*** Opening DATA IN THIS EXERCISE ***

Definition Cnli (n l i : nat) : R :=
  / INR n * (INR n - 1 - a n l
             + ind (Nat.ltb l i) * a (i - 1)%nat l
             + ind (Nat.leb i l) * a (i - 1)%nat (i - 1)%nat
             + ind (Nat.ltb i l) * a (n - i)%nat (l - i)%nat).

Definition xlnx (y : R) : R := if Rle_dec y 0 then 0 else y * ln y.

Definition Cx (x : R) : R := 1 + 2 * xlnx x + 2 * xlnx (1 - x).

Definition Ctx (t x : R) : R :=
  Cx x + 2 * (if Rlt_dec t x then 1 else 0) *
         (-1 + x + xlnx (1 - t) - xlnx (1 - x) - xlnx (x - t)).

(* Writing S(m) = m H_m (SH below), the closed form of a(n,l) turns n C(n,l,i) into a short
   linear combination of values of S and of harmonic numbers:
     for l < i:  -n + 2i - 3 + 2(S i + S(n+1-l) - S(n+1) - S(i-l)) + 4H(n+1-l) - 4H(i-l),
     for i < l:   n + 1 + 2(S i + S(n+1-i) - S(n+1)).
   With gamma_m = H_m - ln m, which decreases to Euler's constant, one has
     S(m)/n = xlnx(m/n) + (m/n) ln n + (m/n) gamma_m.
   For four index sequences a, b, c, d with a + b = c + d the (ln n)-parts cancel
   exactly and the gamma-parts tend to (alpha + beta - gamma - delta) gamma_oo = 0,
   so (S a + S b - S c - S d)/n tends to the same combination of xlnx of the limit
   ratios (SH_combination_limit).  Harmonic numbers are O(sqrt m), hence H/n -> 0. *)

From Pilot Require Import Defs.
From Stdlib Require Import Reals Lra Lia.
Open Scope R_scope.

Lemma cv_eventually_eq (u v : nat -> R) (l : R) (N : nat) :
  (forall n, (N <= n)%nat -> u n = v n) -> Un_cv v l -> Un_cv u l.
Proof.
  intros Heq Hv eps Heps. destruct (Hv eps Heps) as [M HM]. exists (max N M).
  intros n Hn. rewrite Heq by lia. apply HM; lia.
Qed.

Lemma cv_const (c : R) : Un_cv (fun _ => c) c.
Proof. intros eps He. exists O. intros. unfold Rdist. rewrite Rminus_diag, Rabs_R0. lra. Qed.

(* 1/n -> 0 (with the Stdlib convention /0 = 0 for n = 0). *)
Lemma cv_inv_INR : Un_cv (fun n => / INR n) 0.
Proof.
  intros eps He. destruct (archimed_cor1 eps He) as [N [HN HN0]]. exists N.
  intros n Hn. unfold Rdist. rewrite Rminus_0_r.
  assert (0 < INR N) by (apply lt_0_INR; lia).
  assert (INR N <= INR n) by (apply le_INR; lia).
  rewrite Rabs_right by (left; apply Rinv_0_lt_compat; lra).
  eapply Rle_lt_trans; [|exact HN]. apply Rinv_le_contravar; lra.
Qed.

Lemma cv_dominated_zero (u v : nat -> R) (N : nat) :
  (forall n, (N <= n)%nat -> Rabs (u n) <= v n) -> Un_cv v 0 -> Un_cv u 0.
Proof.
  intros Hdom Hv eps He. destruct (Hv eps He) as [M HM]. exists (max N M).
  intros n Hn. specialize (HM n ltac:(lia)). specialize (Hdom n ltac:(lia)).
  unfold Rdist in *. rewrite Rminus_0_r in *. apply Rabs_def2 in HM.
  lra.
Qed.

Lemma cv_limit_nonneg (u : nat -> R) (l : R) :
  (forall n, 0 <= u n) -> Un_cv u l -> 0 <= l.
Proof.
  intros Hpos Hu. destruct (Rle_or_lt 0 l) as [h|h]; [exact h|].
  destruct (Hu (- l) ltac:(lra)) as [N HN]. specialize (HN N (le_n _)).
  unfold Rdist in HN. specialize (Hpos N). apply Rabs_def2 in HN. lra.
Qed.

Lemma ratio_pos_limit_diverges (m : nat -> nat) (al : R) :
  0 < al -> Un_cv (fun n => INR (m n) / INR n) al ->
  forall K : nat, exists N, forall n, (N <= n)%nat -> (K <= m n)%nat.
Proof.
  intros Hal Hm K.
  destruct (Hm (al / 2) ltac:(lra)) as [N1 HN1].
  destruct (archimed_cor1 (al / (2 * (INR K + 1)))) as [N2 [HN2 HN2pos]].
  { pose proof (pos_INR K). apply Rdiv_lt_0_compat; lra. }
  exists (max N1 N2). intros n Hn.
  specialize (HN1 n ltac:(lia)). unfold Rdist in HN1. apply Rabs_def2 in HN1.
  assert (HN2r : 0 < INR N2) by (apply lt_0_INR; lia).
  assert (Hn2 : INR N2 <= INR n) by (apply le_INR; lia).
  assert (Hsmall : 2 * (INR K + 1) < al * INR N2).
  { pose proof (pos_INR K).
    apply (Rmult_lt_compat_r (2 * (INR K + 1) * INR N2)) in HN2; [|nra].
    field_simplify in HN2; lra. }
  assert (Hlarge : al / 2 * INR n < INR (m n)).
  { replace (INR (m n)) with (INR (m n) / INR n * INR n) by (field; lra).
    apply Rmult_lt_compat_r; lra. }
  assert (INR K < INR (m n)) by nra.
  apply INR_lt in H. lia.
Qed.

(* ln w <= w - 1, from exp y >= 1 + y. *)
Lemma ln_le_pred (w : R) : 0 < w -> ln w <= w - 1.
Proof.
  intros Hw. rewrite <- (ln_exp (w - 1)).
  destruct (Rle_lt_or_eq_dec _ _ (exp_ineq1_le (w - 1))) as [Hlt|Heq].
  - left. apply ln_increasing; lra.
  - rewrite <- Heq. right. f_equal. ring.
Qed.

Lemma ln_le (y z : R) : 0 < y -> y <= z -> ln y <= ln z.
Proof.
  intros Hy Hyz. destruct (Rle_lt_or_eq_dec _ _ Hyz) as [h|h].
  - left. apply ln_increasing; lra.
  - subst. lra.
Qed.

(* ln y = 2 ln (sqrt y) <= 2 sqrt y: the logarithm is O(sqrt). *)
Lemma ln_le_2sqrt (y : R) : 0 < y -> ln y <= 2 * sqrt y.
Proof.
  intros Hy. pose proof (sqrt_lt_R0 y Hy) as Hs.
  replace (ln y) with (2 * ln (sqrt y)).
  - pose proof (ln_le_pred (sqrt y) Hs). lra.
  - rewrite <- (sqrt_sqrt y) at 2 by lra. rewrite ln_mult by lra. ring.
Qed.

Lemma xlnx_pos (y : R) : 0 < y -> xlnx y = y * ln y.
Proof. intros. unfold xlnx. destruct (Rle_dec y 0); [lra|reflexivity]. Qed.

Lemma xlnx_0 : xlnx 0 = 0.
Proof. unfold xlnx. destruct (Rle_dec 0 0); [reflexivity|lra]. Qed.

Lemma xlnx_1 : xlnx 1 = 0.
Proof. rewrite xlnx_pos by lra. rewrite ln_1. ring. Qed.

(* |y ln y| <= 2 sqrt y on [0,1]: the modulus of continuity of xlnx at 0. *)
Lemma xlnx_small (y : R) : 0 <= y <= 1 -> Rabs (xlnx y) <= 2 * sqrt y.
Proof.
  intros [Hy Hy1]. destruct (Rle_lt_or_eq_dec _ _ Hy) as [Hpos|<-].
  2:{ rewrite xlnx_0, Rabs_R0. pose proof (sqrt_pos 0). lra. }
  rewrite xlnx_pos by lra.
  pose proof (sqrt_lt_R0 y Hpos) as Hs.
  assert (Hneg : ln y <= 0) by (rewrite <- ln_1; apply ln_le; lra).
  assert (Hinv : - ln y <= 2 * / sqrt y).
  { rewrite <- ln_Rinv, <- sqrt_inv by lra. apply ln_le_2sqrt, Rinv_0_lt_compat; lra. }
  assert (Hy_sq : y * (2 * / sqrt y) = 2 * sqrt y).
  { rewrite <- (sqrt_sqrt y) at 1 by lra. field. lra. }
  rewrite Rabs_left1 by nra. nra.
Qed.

*** Closing DATA IN THIS EXERCISE ***
*** Opening DATA IN THIS EXERCISE ***

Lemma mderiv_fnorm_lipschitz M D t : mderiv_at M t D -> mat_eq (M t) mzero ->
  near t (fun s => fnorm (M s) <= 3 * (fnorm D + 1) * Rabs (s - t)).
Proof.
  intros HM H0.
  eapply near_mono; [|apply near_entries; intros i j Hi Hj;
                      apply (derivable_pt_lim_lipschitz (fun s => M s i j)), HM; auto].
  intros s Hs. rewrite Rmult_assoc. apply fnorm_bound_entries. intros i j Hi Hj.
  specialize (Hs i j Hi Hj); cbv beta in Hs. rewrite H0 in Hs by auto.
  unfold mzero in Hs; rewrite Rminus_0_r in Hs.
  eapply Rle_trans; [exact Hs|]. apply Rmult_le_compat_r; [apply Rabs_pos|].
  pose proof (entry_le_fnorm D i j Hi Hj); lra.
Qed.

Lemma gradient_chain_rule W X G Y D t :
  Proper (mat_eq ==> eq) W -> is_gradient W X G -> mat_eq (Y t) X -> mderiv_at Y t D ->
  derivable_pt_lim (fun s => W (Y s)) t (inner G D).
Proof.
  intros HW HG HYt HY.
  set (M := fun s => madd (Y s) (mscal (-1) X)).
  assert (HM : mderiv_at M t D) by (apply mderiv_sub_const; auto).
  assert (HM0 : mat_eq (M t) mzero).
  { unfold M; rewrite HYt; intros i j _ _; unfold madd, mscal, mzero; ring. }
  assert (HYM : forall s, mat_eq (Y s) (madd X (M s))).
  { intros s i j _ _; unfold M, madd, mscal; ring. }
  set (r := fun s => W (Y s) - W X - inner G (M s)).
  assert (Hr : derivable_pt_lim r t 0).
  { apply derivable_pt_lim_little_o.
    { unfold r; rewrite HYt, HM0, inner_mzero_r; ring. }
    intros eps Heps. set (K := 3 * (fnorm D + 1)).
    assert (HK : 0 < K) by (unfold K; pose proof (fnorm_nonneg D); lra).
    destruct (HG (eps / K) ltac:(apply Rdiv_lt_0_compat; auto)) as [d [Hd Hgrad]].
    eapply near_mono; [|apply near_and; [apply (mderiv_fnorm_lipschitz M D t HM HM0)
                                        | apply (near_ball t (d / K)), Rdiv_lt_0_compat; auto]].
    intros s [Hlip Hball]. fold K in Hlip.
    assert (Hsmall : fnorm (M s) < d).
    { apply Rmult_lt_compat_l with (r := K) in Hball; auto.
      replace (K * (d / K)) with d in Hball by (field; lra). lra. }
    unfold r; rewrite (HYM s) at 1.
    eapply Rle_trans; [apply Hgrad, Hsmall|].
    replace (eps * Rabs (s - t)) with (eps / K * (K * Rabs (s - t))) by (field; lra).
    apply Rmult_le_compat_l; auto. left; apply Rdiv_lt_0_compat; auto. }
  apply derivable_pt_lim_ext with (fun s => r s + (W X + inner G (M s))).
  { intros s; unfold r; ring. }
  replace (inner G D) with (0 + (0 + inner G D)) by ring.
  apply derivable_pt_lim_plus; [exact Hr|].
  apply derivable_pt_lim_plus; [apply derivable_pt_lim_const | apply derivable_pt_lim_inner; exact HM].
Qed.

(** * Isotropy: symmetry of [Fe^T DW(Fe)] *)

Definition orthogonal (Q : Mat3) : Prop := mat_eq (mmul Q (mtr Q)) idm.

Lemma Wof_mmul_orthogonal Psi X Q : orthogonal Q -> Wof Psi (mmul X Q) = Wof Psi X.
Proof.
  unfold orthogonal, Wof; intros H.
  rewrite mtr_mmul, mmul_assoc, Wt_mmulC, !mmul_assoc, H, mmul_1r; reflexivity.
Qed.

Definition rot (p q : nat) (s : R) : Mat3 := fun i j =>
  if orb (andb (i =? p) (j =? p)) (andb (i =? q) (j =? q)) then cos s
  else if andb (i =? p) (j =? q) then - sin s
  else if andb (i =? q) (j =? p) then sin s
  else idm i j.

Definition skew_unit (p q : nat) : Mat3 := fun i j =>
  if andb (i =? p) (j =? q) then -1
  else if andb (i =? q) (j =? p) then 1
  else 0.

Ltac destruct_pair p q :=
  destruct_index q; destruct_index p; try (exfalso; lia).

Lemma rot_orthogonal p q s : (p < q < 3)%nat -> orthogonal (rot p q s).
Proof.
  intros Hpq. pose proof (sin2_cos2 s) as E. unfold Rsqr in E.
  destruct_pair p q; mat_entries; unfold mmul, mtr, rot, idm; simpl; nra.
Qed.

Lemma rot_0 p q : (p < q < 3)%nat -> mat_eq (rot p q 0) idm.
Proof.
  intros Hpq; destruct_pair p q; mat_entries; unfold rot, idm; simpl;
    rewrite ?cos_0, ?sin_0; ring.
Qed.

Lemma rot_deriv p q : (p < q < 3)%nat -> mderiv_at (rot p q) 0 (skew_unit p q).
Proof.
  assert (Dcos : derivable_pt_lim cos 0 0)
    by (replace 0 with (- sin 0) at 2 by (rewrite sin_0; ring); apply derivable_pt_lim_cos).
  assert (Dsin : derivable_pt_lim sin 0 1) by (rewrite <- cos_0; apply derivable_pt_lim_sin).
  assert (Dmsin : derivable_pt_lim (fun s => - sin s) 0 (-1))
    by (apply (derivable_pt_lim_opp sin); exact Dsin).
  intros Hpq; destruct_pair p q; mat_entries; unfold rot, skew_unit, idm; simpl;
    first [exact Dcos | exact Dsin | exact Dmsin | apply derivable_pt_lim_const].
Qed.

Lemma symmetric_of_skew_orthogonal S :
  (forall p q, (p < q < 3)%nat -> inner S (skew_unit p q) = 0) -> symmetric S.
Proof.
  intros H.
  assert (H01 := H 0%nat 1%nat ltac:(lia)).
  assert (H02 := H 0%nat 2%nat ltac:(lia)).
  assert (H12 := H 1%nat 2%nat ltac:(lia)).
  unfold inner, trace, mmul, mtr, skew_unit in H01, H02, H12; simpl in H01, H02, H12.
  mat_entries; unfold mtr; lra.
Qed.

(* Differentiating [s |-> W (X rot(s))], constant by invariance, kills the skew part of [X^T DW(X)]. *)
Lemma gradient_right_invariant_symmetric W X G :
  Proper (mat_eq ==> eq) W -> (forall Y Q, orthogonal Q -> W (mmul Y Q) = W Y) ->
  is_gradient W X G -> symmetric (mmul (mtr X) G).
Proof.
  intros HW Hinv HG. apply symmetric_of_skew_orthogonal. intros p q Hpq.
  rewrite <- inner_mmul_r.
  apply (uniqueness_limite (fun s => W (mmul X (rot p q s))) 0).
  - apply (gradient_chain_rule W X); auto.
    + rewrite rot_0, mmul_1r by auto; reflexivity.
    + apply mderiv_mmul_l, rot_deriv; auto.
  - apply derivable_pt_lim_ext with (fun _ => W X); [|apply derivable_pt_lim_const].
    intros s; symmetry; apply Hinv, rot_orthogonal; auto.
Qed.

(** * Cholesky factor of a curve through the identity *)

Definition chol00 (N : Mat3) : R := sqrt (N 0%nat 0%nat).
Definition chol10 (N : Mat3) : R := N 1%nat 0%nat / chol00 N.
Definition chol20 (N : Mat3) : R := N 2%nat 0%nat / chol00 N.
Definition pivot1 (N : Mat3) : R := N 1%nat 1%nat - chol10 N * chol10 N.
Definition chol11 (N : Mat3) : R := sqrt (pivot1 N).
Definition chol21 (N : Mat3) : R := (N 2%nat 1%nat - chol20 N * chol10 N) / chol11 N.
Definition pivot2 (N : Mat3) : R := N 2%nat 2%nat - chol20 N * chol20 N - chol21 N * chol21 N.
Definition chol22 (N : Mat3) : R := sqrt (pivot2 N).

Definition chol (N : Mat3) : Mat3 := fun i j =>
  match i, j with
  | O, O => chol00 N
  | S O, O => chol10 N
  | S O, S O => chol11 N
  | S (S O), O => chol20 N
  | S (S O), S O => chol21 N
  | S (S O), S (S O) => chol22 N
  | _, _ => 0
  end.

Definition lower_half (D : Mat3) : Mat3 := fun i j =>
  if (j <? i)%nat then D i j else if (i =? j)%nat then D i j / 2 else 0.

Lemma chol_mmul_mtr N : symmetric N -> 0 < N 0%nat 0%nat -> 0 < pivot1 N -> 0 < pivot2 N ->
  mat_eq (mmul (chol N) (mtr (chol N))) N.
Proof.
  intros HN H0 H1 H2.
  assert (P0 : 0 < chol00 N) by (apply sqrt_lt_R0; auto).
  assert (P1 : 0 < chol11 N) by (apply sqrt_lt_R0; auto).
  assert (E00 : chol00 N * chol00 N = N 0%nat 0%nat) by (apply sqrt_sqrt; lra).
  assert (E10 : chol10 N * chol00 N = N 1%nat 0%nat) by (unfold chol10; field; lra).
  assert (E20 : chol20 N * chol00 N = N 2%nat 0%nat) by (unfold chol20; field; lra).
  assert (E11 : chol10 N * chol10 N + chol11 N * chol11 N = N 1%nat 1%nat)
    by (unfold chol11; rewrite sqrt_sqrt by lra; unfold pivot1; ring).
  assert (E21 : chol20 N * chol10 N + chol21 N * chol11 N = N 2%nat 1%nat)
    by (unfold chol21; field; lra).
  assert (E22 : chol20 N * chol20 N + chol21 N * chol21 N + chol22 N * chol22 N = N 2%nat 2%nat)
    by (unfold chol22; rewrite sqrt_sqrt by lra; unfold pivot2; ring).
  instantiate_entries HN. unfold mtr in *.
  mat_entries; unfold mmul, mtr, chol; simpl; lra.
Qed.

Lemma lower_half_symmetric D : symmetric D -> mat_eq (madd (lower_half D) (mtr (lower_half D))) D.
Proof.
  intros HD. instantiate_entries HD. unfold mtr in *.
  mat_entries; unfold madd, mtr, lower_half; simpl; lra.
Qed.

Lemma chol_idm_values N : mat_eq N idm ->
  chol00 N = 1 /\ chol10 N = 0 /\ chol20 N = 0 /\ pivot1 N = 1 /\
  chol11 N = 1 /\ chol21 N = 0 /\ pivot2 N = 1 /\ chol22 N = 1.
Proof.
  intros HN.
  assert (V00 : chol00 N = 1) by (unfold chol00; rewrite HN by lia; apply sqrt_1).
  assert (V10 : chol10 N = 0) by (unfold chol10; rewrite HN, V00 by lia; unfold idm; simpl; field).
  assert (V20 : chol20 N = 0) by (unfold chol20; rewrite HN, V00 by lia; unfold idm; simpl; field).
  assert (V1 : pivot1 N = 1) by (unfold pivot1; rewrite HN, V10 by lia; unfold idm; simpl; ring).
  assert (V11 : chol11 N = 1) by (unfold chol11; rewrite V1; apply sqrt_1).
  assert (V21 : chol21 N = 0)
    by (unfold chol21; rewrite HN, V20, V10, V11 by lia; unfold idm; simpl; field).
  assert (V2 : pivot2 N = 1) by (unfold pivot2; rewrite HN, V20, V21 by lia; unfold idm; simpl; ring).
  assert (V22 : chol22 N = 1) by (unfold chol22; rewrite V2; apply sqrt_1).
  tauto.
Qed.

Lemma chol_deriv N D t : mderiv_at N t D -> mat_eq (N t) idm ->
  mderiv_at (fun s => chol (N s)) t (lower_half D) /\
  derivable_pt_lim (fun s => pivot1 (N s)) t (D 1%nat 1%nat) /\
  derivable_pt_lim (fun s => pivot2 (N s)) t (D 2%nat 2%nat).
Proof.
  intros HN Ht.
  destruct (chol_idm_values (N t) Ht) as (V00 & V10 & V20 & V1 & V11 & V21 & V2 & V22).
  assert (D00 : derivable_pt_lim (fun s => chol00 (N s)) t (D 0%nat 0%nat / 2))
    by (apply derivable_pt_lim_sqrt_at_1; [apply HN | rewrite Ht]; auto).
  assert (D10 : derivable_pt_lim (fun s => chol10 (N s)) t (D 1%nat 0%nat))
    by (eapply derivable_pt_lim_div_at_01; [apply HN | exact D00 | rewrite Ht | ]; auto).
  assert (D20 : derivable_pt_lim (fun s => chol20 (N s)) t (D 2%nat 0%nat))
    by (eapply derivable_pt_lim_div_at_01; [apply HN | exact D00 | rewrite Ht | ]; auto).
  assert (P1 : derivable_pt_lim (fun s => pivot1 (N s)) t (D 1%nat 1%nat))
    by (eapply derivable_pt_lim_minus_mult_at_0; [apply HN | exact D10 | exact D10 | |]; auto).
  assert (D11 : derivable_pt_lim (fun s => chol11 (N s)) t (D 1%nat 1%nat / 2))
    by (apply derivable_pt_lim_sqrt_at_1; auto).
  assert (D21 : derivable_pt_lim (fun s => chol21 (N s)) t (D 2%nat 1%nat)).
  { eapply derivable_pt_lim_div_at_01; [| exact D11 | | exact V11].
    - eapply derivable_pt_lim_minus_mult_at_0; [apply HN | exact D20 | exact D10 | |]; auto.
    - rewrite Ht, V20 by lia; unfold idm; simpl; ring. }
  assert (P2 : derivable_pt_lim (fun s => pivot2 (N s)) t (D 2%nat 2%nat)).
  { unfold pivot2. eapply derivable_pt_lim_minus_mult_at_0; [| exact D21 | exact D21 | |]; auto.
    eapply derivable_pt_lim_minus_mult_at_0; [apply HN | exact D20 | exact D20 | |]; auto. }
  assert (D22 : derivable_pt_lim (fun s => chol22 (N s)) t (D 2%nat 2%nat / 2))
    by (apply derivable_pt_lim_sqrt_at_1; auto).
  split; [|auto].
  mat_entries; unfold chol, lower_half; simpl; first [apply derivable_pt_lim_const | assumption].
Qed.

*** Closing DATA IN THIS EXERCISE ***
*** Opening DATA IN THIS EXERCISE ***

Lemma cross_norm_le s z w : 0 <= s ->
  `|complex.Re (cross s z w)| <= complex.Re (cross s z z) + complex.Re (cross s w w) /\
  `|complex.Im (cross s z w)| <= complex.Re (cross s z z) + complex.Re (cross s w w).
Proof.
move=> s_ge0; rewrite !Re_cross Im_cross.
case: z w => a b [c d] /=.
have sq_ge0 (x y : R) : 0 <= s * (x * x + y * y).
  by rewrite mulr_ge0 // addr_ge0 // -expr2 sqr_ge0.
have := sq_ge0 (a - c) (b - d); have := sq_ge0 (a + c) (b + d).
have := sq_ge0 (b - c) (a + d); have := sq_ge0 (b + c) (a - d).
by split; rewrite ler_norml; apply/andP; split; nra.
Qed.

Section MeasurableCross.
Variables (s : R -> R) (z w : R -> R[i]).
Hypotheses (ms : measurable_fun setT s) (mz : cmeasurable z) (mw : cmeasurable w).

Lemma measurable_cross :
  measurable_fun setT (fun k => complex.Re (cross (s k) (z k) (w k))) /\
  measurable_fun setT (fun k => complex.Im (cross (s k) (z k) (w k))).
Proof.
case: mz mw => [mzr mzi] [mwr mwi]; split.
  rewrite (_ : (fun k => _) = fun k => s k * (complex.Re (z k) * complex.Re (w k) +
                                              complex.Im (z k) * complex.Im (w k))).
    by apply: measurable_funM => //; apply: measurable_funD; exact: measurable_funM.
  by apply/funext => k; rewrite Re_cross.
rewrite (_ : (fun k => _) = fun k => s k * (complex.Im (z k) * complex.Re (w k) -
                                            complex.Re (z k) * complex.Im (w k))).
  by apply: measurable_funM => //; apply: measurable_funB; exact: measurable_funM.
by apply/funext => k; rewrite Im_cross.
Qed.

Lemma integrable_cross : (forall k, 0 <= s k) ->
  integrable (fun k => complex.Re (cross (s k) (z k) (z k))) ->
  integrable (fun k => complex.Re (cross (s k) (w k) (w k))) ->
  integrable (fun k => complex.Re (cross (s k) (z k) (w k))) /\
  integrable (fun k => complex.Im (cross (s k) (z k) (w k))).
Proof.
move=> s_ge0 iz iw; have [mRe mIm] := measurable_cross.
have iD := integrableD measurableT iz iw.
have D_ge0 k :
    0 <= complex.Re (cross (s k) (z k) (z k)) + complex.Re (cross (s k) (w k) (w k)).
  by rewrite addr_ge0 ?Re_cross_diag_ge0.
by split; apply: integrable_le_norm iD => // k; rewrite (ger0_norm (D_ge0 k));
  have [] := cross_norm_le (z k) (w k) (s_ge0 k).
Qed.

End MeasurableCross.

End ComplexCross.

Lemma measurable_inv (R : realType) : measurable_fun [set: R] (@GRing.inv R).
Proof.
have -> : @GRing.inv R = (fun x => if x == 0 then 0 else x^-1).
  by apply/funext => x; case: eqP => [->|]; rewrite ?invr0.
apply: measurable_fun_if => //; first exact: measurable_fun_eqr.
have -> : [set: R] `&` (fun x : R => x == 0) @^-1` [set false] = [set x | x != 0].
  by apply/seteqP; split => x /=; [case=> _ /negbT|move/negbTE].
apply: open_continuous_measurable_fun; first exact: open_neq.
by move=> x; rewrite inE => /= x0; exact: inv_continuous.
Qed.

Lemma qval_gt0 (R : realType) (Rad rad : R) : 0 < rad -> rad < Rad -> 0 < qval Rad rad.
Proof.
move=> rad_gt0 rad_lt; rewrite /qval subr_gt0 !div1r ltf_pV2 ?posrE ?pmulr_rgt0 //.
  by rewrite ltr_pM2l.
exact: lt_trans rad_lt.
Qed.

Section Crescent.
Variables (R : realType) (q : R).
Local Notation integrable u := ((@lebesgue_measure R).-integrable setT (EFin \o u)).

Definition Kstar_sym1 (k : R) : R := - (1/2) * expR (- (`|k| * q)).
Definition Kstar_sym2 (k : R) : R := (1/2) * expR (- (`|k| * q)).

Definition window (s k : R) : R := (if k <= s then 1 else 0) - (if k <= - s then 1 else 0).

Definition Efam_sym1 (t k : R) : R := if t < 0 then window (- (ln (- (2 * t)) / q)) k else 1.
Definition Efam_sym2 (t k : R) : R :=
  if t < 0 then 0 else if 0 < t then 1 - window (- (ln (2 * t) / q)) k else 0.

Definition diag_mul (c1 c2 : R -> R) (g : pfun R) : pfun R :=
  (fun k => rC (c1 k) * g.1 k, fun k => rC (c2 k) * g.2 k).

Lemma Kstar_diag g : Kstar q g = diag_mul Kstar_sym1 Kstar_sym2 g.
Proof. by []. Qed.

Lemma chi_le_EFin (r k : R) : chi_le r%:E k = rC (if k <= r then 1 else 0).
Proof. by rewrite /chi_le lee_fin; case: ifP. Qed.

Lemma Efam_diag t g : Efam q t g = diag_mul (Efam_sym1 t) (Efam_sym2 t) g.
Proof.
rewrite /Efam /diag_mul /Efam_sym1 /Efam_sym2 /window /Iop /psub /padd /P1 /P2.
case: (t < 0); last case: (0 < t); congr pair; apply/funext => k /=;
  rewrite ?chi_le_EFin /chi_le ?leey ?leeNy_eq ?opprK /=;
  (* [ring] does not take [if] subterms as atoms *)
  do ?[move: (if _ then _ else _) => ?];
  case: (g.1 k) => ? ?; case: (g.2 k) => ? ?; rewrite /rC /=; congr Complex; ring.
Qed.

*** Closing DATA IN THIS EXERCISE ***

All lines above from the line with "specialize (HN1 n" through the line with "apply Rmult_lt_compat_r; lra.", both included, are to be set down exactly, with nothing else.

RESULT BELOW:
  specialize (HN1 n ltac:(lia)). unfold Rdist in HN1. apply Rabs_def2 in HN1.
  assert (HN2r : 0 < INR N2) by (apply lt_0_INR; lia).
  assert (Hn2 : INR N2 <= INR n) by (apply le_INR; lia).
  assert (Hsmall : 2 * (INR K + 1) < al * INR N2).
  { pose proof (pos_INR K).
    apply (Rmult_lt_compat_r (2 * (INR K + 1) * INR N2)) in HN2; [|nra].
    field_simplify in HN2; lra. }
  assert (Hlarge : al / 2 * INR n < INR (m n)).
  { replace (INR (m n)) with (INR (m n) / INR n * INR n) by (field; lra).
    apply Rmult_lt_compat_r; lra. }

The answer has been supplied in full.